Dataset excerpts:
(* For a connected graph $G=(V,E)$ with $|V|=n$ and $1\le k\le n$, \[Z_{\mu^*_k}\le\binom{n-1}{k-1}T(G)\le n^{k-1}T(G),\] where $T(G)$ is the number of spanning trees of $G$.
   Context: $Z_{\mu^*_k}=\sum_{\{P_1,\dots,P_k\}}\prod_{i=1}^kT(P_i)$, the sum over partitions of $V$ into $k$ nonempty parts, where $T(P_i)$ is the number of spanning trees of the induced subgraph $G[P_i]$ (zero if $G[P_i]$ is disconnected); equivalently, the number of forests of $G$ with exactly $n-k$ edges. *)

(* A finite simple graph on a finType V is given by a
   symmetric irreflexive relation e. Edges are 2-element vertex sets. *)
From mathcomp Require Import all_boot.
From mathcomp Require Import boolp.
Set Implicit Arguments. Unset Strict Implicit. Unset Printing Implicit Defensive.

Section Graphs.
Variables (V : finType) (e : rel V).

Definition edge_set : {set {set V}} :=
  [set [set x; y] | x in V, y in V & e x y].

Definition induced_edges (B : {set V}) : {set {set V}} :=
  [set f in edge_set | f \subset B].

Definition adjF (F : {set {set V}}) : rel V := fun x y => [set x; y] \in F.

Definition has_cycle (F : {set {set V}}) : Prop :=
  exists s : seq V, 2 < size s /\ ucycle (adjF F) s.

Definition spanning_tree_of (B : {set V}) (F : {set {set V}}) : Prop :=
  [/\ F \subset induced_edges B,
      (forall x y, x \in B -> y \in B -> connect (adjF F) x y)
    & ~ has_cycle F].

Definition num_spanning_trees (B : {set V}) : nat :=
  #|[set F : {set {set V}} | `[< spanning_tree_of B F >] ]|.

Definition Zmu (k : nat) : nat :=
  \sum_(P in [set P : {set {set V}} | partition P [set: V] && (#|P| == k)])
     \prod_(B in P) num_spanning_trees B.

Definition graph_connected : Prop := forall x y : V, connect e x y.

End Graphs.

From mathcomp Require Import all_boot boolp zify.
Set Implicit Arguments. Unset Strict Implicit. Unset Printing Implicit Defensive.

(* A partition of the vertices into k blocks together with a spanning tree of
   each block determines the forest formed by the union of these trees: its
   components are the blocks and each tree is its restriction to its block.
   This forest is acyclic with n - k edges, so Z is at most the number of such
   forests. Every forest of the connected graph G extends to a spanning tree,
   which has n - 1 edges and hence contains C(n-1, n-k) = C(n-1, k-1) forests
   with n - k edges. *)

Section ConnectIn.
Variables (T : finType) (r r' : rel T).

Lemma connect_stable (a : pred T) x y :
  (forall u v, a u -> r u v -> a v) -> a x -> connect r x y -> a y.
Proof.
move=> ra ax /connectP [p pth ->]; elim: p x ax pth => //= z p IHp x ax.
by case/andP=> rxz; apply: IHp; apply: ra rxz.
Qed.

Lemma connect_sub_in (a : pred T) x y :
  (forall u v, a u -> r u v -> r' u v && a v) -> a x -> connect r x y -> connect r' x y.
Proof.
move=> rr' ax cxy.
suff /andP [] : a y && connect r' x y by [].
apply: (connect_stable (a := fun z => a z && connect r' x z)) cxy; last by rewrite ax connect0.
move=> u v /andP [au cxu] /(rr' _ _ au) /andP [r'uv ->].
exact: connect_trans cxu (connect1 r'uv).
Qed.

End ConnectIn.

Section EdgeSets.
Variable V : finType.
Implicit Types (F : {set {set V}}) (a b u v x y : V).

Lemma adjF_sym F : symmetric (adjF F).
Proof. by move=> x y; rewrite /adjF setUC. Qed.

Lemma connect_adjF_sym F : connect_sym (adjF F).
Proof. exact/sym_connect_sym/adjF_sym. Qed.

Lemma connect_adjF_subset F1 F2 :
  F1 \subset F2 -> subrel (connect (adjF F1)) (connect (adjF F2)).
Proof. by move=> sF; apply: connect_sub => x y /(subsetP sF) xy; apply: connect1. Qed.

Lemma set2_eq_cases a b u v :
  [set a; b] = [set u; v] -> (a = u /\ b = v) \/ (a = v /\ b = u).
Proof.
move=> E.
have: a \in [set u; v] by rewrite -E !inE eqxx.
have: b \in [set u; v] by rewrite -E !inE eqxx orbT.
have: u \in [set a; b] by rewrite E !inE eqxx.
have: v \in [set a; b] by rewrite E !inE eqxx orbT.
by rewrite !inE; do 4 (case/orP=> /eqP ?); subst; auto.
Qed.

• What to do
Where does the string "symmetric" appear in the records? Copy every line that holds it.

• Answer for the task
   symmetric irreflexive relation e. Edges are 2-element vertex sets. *)
Lemma adjF_sym F : symmetric (adjF F).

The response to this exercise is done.